*** Block opens ***

(* Let $\zeta\in(0,\infty)$ and let $d\in\mathbf{MT}([0,\zeta])$; let $(T,d,r,\mu)$ be the induced pointed measured compact real tree and $p:[0,\zeta]\to T$ the canonical projection. Let $$U=\{s\in(0,\zeta):\ \forall s'\in[0,\zeta]\setminus\{s\},\ d(0,s)+d(s,s')>d(0,s')\}.$$ If $[0,\zeta]\setminus U$ is Lebesgue-negligible, then $(T,d,r,\mu)$ is a continuum real tree.
   Context: $\mathbf{MT}([0,\zeta])$: continuous pseudo-metrics $d$ on $[0,\zeta]$ satisfying the four points inequality $d(s_1,s_2)+d(s_3,s_4)\le\max(d(s_1,s_3)+d(s_2,s_4),d(s_1,s_4)+d(s_2,s_3))$. The induced space: $T=[0,\zeta]/\{d=0\}$ with induced metric (a compact real tree), $r=p(0)$, $\mu$ the image of Lebesgue measure on $[0,\zeta]$ under $p$. A continuum real tree is a compact real tree $(T,d,r,\mu)$ with $\mu$ a finite diffuse Borel measure with topological support $T$ and $\mu(T\setminus\mathtt{Lf}(T))=0$, where $\mathtt{Lf}(T)$ is the set of points $\sigma\ne r$ such that $T\setminus\{\sigma\}$ is connected (degree $1$). *)

From HB Require Import structures.
From mathcomp Require Import all_boot all_order all_algebra.
From mathcomp Require Import all_classical all_reals all_analysis.
Set Implicit Arguments. Unset Strict Implicit. Unset Printing Implicit Defensive.
Import Order.TTheory GRing.Theory Num.Theory.
Local Open Scope classical_set_scope.
Local Open Scope ring_scope.

Section MetricNotions.
Variables (R : realType) (X : Type) (dist : X -> X -> R).

Definition is_metric : Prop :=
  [/\ (forall x y, 0 <= dist x y),
      (forall x y, dist x y = 0 <-> x = y),
      (forall x y, dist x y = dist y x) &
      (forall x y z, dist x z <= dist x y + dist y z)].

Definition mball (x : X) (e : R) : set X := [set y | dist x y < e].

Definition mopen (A : set X) : Prop :=
  forall x, A x -> exists2 e : R, 0 < e & mball x e `<=` A.

Definition mcompact (A : set X) : Prop :=
  forall (I : Type) (U : I -> set X), (forall i, mopen (U i)) ->
    A `<=` \bigcup_i U i ->
    exists (n : nat) (j : nat -> I),
      A `<=` [set x | exists2 k : nat, (k < n)%N & U (j k) x].

Definition mconnected (A : set X) : Prop :=
  forall U V : set X, mopen U -> mopen V -> A `<=` U `|` V ->
    A `&` U `&` V = set0 -> A `&` U !=set0 -> A `&` V !=set0 -> False.

Definition path_continuous (f : R -> X) (a b : R) : Prop :=
  forall t, a <= t <= b -> forall e : R, 0 < e -> exists2 del : R, 0 < del &
    forall t', a <= t' <= b -> `|t - t'| < del -> dist (f t) (f t') < e.

Definition geodesic (f : R -> X) (x y : X) : Prop :=
  [/\ f 0 = x, f (dist x y) = y &
      forall s t, 0 <= s <= dist x y -> 0 <= t <= dist x y ->
        dist (f s) (f t) = `|s - t|].

(* Real tree (Evans' definition). *)
Definition is_real_tree : Prop :=
  [/\ is_metric,
      (forall x y, exists f, geodesic f x y),
      (forall x y f g, geodesic f x y -> geodesic g x y ->
         forall s, 0 <= s <= dist x y -> f s = g s) &
      (forall x y f q, geodesic f x y ->
         path_continuous q 0 1 ->
         {in [set t : R | 0 <= t <= 1] &, injective q} ->
         q 0 = x -> q 1 = y ->
         q @` [set t : R | 0 <= t <= 1] = f @` [set t : R | 0 <= t <= dist x y])].

Definition is_compact_real_tree : Prop := is_real_tree /\ mcompact setT.

Definition mborel : set (set X) := smallest (sigma_algebra setT) mopen.

Definition is_borel_measure (mu : set X -> \bar R) : Prop :=
  [/\ mu set0 = 0%E,
      (forall A, mborel A -> (0 <= mu A)%E) &
      (forall F : nat -> set X, (forall n, mborel (F n)) -> trivIset setT F ->
         (fun n => \sum_(0 <= i < n) mu (F i))%E @ \oo --> mu (\bigcup_n F n))].

Definition msupport (mu : set X -> \bar R) : set X :=
  [set x | forall U, mopen U -> U x -> (0 < mu U)%E].

Definition leaves (r : X) : set X :=
  [set sigma | sigma <> r /\ mconnected (~` [set sigma])].

Definition continuum_real_tree (r : X) (mu : set X -> \bar R) : Prop :=
  [/\ is_compact_real_tree,
      is_borel_measure mu /\ (mu setT < +oo)%E,
      (forall x, mu [set x] = 0%E),
      msupport mu = setT &
      mu (~` leaves r) = 0%E].

End MetricNotions.

Section InducedTree.
Variables (R : realType) (zeta : R) (d : R -> R -> R).

Let I (s : R) := 0 <= s <= zeta.

Definition MT : Prop :=
  [/\ (forall s, I s -> d s s = 0),
      (forall s t, I s -> I t -> d s t = d t s /\ 0 <= d s t),
      (forall s t u, I s -> I t -> I u -> d s u <= d s t + d t u),
      (forall s t, I s -> I t -> forall e : R, 0 < e -> exists2 del : R, 0 < del &
         forall s' t', I s' -> I t' -> `|s - s'| < del -> `|t - t'| < del ->
           `|d s t - d s' t'| < e) &
      (forall s1 s2 s3 s4, I s1 -> I s2 -> I s3 -> I s4 ->
         d s1 s2 + d s3 s4 <= Num.max (d s1 s3 + d s2 s4) (d s1 s4 + d s2 s3))].

Definition cls (s : R) : set R := [set t | 0 <= t <= zeta /\ d s t = 0].

(* the quotient T = [0,zeta] / {d = 0} *)
Definition Tpt : Type := {A : set R | exists2 s, 0 <= s <= zeta & A = cls s}.

Definition rep (A : Tpt) : R := s2val (cid2 (proj2_sig A)).

Definition Tdist (A B : Tpt) : R := d (rep A) (rep B).

Definition Tproj (s : R) (h : 0 <= s <= zeta) : Tpt :=
  exist _ (cls s) (ex_intro2 _ _ s h erefl).

Lemma zero_in_interval (hz : 0 <= zeta) : (0 : R) <= 0 <= zeta.
Proof. by rewrite lexx hz. Qed.

Definition Troot (hz : 0 <= zeta) : Tpt := Tproj (zero_in_interval hz).

Definition Tmu (B : set Tpt) : \bar R :=
  lebesgue_measure [set s : R | exists h : 0 <= s <= zeta, B (Tproj h)].

End InducedTree.

From HB Require Import structures.
From mathcomp Require Import all_boot all_order all_algebra.
From mathcomp Require Import all_classical all_reals all_analysis.
From mathcomp Require Import measurable_realfun lra.
Import Order.TTheory GRing.Theory Num.Theory.
Import numFieldNormedType.Exports.
Local Open Scope classical_set_scope.
Local Open Scope ring_scope.

(* Under the four-point condition, a continuous path from x to y passes
   through every point between x and y: split the parameter interval according
   to the Gromov product (y | q t)_x and use connectedness of segments.  This
   yields geodesics, their uniqueness, and that injective paths trace
   geodesics, so a path-connected four-point space is a real tree.  The
   quotient T is a continuous image of [0, zeta], hence such a space, and it is
   compact; mu charges every open set.  For s in U, p(s) lies on no geodesic
   from the root to another point, so p(s) is a leaf and p^-1(p(s)) = {s}; as
   [0, zeta] \ U is negligible, mu has no atoms and is carried by the leaves. *)

Section SegmentConnected.
Variable R : realType.
Local Set Implicit Arguments.
Local Unset Strict Implicit.
Implicit Types (a b : R) (P Q : R -> Prop).

Definition near_in a b P : set R :=
  [set t | exists2 e : R, 0 < e & forall t', a <= t' <= b -> `|t - t'| < e -> P t'].

Definition open_in_segment a b P := forall t, a <= t <= b -> P t -> near_in a b P t.

Lemma open_near_in a b P : open (near_in a b P).
Proof.
rewrite openE => t [e e0 He]; apply/nbhs_ballP; exists (e / 2) => /=; first lra.
move=> u; rewrite /ball /= => tu; exists (e / 2) => [|t' It' ut']; first lra.
by apply: He => //; have := ler_distD u t t'; lra.
Qed.

Lemma near_in_segmentE a b P t : open_in_segment a b P -> a <= t <= b ->
  near_in a b P t <-> P t.
Proof.
move=> oP It; split=> [[e e0 /(_ t It)]|/(oP t It)//].
by rewrite subrr normr0; apply.
Qed.

Lemma segment_open_cover_meet a b P Q : a <= b -> P a -> Q b ->
  (forall t, a <= t <= b -> P t \/ Q t) ->
  open_in_segment a b P -> open_in_segment a b Q ->
  exists t, [/\ a <= t <= b, P t & Q t].
Proof.
move=> ab Pa Qb cover oP oQ; apply: contrapT => disj.
have Ia : a <= a <= b by rewrite lexx ab.
have Ib : a <= b <= b by rewrite lexx ab.
(* on [a, b], [near_in a b P] is open and, as the complement of
   [near_in a b Q], also closed *)
have splitB : [set` `[a, b]] `&` near_in a b P = [set` `[a, b]].
  apply: segment_connected.
  - by exists a; split; [rewrite /= in_itv | exact: oP].
  - by exists (near_in a b P) => //; exact: open_near_in.
  exists (~` near_in a b Q); first exact/open_closedC/open_near_in.
  apply/seteqP; split=> t [/[dup] + It]; rewrite /= in_itv /= => It'.
    move=> /(near_in_segmentE oP It') Pt; split=> // /(near_in_segmentE oQ It') Qt.
    by apply: disj; exists t.
  move=> nQ; split=> //; apply/(near_in_segmentE oP It').
  by case: (cover t It') => // Qt; exfalso; apply/nQ/(near_in_segmentE oQ It').
have : ([set` `[a, b]] `&` near_in a b P) b by rewrite splitB /= in_itv.
by move=> [_ /(near_in_segmentE oP Ib) Pb]; apply: disj; exists b.
Qed.

End SegmentConnected.

Section FourPointSpace.
Variables (R : realType) (X : Type) (dist : X -> X -> R).
Hypothesis dist_metric : is_metric dist.
Hypothesis four_point : forall x y z w,
  dist x y + dist z w <= dist x z + dist y w \/
  dist x y + dist z w <= dist x w + dist y z.
Local Set Implicit Arguments.
Local Unset Strict Implicit.

Lemma dist_ge0 x y : 0 <= dist x y.
Proof. by case: dist_metric. Qed.
Lemma dist_refl x : dist x x = 0.
Proof. by case: dist_metric => _ /(_ x x) [_ ->]. Qed.
Lemma dist_eq0 x y : dist x y = 0 -> x = y.
Proof. by case: dist_metric => _ /(_ x y) []. Qed.
Lemma distC x y : dist x y = dist y x.
Proof. by case: dist_metric. Qed.
Lemma dist_triangle x y z : dist x z <= dist x y + dist y z.
Proof. by case: dist_metric. Qed.

Definition between x y w := dist x w + dist w y = dist x y.

Lemma between_uniq x y w w' : between x y w ->
  dist x w' = dist x w -> dist w' y = dist w y -> w = w'.
Proof.
rewrite /between => xwy xw wy; apply: dist_eq0.
have := dist_ge0 w w'; have := distC w x; have := distC w' x.
by case: (four_point w w' x y); lra.
Qed.

Lemma between_dist x y w1 w2 : between x y w1 -> between x y w2 ->
  dist x w1 <= dist x w2 -> dist w1 w2 = dist x w2 - dist x w1.
Proof.
rewrite /between => xw1y xw2y le12; have := dist_triangle x w1 w2.
have := distC w1 x; have := distC w2 x.
by case: (four_point w1 w2 x y); lra.
Qed.

(* twice the Gromov product (y | z)_x *)
Definition gromov x y z := dist x z + dist x y - dist z y.

Lemma gromov_lipschitz x y z z' : gromov x y z' <= gromov x y z + 2 * dist z z'.
Proof.
by rewrite /gromov; have := dist_triangle x z z'; have := dist_triangle z z' y; lra.
Qed.

Lemma gromov_stable x y z z' h : 2 * h <= gromov x y z ->
  dist z z' < dist x z - h -> 2 * h <= gromov x y z'.
Proof.
rewrite /gromov => hz zz'; have := dist_triangle x z' z.
have := distC z' x; have := distC z y; have := distC z' z; have := distC y x.
by case: (four_point z' y x z); lra.
Qed.

Lemma dist_branch_point x y z w : between x y w -> 2 * dist x w = gromov x y z ->
  dist w z = dist x z - dist x w.
Proof.
rewrite /between /gromov => xwy hw; have := dist_triangle x w z.
have := distC w x; have := distC z x.
by case: (four_point w z x y); lra.
Qed.

Definition path_joined x y := exists q a b,
  [/\ a <= b, path_continuous dist q a b, q a = x & q b = y].

Lemma path_continuous_sub q a b a' b' : a <= a' -> b' <= b ->
  path_continuous dist q a b -> path_continuous dist q a' b'.
Proof.
move=> aa' b'b qc t /andP[ta' tb'] e e0.
have [del del0 H] := qc t ltac:(apply/andP; split; lra) e e0.
by exists del => // t' /andP[? ?] ?; apply: H => //; apply/andP; split; lra.
Qed.

Lemma path_joined_sym x y : path_joined x y -> path_joined y x.
Proof.
move=> [q [a [b [ab qc qa qb]]]]; exists (fun t => q (a + b - t)), a, b.
split=> //; last by rewrite addrK.
  move=> t /andP[ta tb] e e0.
  have [del del0 Hdel] := qc (a + b - t) ltac:(apply/andP; split; lra) e e0.
  exists del => // t' /andP[t'a t'b] tt'; apply: Hdel; first by apply/andP; split; lra.
  have -> : a + b - t - (a + b - t') = t' - t by lra.
  by rewrite distrC.
by rewrite addrAC subrr add0r.
Qed.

*** Block closes ***

Try it
Return each line of the material above that holds the string "Hypothesis".

Solution to the problem
Hypothesis dist_metric : is_metric dist.
Hypothesis four_point : forall x y z w,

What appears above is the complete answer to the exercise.